--- START ---
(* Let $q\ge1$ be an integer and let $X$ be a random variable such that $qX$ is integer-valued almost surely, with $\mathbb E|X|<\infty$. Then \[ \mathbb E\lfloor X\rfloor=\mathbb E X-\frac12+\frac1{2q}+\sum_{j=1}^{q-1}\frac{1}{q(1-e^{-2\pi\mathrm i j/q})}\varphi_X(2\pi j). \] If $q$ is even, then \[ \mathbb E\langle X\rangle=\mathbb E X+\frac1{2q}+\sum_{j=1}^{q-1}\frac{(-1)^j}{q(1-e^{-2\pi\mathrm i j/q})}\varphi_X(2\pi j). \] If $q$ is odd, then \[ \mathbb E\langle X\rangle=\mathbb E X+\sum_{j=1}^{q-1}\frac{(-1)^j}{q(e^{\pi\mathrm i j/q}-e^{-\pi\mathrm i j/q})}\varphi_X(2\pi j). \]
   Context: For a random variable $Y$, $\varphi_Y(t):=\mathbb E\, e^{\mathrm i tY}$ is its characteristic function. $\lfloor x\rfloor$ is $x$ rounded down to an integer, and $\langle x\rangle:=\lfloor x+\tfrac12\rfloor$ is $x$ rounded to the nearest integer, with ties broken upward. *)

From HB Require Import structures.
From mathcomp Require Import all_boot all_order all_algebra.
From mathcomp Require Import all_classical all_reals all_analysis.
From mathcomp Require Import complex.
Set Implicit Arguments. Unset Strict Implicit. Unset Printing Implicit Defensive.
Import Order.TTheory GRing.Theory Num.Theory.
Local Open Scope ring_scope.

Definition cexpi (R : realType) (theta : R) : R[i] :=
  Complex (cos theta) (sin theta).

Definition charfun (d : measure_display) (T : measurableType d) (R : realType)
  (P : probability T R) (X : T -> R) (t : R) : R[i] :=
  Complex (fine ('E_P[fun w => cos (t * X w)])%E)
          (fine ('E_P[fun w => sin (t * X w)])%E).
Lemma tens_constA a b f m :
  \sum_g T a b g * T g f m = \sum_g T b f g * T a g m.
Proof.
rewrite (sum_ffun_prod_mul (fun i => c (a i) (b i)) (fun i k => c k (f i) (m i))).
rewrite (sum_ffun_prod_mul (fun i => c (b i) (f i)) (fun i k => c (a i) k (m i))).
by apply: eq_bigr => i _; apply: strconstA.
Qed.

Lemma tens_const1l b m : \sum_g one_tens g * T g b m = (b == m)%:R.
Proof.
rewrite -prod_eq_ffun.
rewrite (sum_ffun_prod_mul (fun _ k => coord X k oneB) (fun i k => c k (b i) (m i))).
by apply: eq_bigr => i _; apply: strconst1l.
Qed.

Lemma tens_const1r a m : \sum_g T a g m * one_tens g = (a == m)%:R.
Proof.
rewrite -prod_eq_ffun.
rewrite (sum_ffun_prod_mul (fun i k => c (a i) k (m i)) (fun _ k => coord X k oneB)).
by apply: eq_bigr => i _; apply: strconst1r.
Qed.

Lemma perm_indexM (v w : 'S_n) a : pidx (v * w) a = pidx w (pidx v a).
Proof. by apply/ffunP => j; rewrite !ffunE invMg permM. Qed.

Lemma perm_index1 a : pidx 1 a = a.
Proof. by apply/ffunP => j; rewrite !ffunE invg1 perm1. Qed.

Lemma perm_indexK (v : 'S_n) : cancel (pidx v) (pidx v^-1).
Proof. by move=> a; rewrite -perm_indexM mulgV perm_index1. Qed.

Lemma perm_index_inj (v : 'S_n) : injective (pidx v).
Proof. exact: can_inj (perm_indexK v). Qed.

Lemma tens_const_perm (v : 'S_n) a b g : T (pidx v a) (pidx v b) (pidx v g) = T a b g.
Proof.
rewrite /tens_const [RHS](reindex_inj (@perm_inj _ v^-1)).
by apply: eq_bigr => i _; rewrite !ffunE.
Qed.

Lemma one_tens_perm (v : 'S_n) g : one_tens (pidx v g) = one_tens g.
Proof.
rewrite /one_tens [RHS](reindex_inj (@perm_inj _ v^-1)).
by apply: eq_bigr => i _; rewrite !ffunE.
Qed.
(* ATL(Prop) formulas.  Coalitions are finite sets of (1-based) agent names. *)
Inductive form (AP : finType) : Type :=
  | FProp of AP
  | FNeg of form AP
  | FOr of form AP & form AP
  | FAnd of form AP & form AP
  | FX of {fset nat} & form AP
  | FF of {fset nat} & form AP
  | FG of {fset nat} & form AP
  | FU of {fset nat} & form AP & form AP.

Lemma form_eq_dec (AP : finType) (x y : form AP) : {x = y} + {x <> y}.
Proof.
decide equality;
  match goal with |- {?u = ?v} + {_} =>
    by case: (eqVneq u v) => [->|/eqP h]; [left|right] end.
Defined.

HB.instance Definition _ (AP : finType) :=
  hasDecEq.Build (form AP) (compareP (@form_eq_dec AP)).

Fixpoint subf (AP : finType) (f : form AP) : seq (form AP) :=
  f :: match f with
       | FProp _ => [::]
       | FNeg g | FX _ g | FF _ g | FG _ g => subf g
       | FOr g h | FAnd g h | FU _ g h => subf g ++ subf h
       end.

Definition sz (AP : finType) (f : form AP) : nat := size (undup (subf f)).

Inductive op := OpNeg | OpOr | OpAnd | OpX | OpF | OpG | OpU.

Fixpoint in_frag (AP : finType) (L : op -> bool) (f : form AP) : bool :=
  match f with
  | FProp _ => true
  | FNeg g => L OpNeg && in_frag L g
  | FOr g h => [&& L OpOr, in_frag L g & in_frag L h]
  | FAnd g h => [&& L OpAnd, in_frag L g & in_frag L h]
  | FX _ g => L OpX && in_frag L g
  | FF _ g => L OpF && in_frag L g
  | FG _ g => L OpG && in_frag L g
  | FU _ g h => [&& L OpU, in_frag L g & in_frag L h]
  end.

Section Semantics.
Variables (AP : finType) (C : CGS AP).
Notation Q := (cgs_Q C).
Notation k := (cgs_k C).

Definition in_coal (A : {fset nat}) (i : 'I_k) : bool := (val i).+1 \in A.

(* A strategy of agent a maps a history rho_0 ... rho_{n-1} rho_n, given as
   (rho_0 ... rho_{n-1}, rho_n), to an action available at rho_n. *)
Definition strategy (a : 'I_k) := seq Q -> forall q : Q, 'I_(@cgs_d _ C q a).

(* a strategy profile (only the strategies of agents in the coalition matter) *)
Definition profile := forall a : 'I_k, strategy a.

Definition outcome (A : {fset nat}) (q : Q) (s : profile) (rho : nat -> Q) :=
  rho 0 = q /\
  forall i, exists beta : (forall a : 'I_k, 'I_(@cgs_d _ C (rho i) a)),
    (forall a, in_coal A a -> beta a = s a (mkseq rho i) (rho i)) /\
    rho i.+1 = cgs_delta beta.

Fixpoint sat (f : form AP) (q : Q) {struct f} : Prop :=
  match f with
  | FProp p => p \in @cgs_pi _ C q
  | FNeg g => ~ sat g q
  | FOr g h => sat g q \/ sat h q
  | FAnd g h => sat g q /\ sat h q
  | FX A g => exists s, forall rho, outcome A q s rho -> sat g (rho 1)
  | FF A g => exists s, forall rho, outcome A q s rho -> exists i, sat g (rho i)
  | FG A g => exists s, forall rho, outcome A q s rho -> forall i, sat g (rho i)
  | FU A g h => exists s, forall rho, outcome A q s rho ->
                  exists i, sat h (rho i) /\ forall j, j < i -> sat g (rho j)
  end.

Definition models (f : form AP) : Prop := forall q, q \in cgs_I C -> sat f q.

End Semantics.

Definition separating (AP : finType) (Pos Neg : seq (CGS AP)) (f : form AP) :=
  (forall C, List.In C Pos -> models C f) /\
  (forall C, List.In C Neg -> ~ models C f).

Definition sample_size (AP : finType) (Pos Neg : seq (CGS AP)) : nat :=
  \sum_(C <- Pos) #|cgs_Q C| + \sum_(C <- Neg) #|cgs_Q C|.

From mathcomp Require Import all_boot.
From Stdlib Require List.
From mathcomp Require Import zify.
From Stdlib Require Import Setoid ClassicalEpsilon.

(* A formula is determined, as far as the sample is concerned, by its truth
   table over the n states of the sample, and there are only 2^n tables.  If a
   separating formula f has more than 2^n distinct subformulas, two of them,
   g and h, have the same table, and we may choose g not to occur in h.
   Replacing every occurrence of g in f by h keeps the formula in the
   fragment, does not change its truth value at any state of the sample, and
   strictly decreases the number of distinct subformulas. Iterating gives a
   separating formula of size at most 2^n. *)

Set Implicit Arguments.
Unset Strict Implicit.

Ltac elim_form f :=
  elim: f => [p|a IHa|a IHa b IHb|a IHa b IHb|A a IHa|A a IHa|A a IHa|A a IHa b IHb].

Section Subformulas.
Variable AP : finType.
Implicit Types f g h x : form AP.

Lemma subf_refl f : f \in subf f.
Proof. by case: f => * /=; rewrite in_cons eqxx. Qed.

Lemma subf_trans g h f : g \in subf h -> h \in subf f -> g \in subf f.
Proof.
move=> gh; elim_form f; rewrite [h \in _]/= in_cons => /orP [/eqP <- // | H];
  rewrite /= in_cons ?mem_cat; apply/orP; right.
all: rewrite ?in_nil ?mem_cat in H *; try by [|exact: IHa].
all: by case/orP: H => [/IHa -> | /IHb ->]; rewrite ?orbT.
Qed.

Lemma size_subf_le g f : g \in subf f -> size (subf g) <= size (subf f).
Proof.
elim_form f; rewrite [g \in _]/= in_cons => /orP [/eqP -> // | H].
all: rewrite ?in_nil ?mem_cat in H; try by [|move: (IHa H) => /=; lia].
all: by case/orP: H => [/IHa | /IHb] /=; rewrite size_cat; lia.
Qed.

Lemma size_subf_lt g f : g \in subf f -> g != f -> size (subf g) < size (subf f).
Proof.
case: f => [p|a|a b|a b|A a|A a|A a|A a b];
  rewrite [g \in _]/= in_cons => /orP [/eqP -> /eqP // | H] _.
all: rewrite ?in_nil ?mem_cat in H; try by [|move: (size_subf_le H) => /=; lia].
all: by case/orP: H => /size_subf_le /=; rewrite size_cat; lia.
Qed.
--- END ---
Required action:
Where does the word "coord" show up in the material? Copy out each line that has it.

Response:
rewrite (sum_ffun_prod_mul (fun _ k => coord X k oneB) (fun i k => c k (b i) (m i))).
rewrite (sum_ffun_prod_mul (fun i k => c (a i) k (m i)) (fun _ k => coord X k oneB)).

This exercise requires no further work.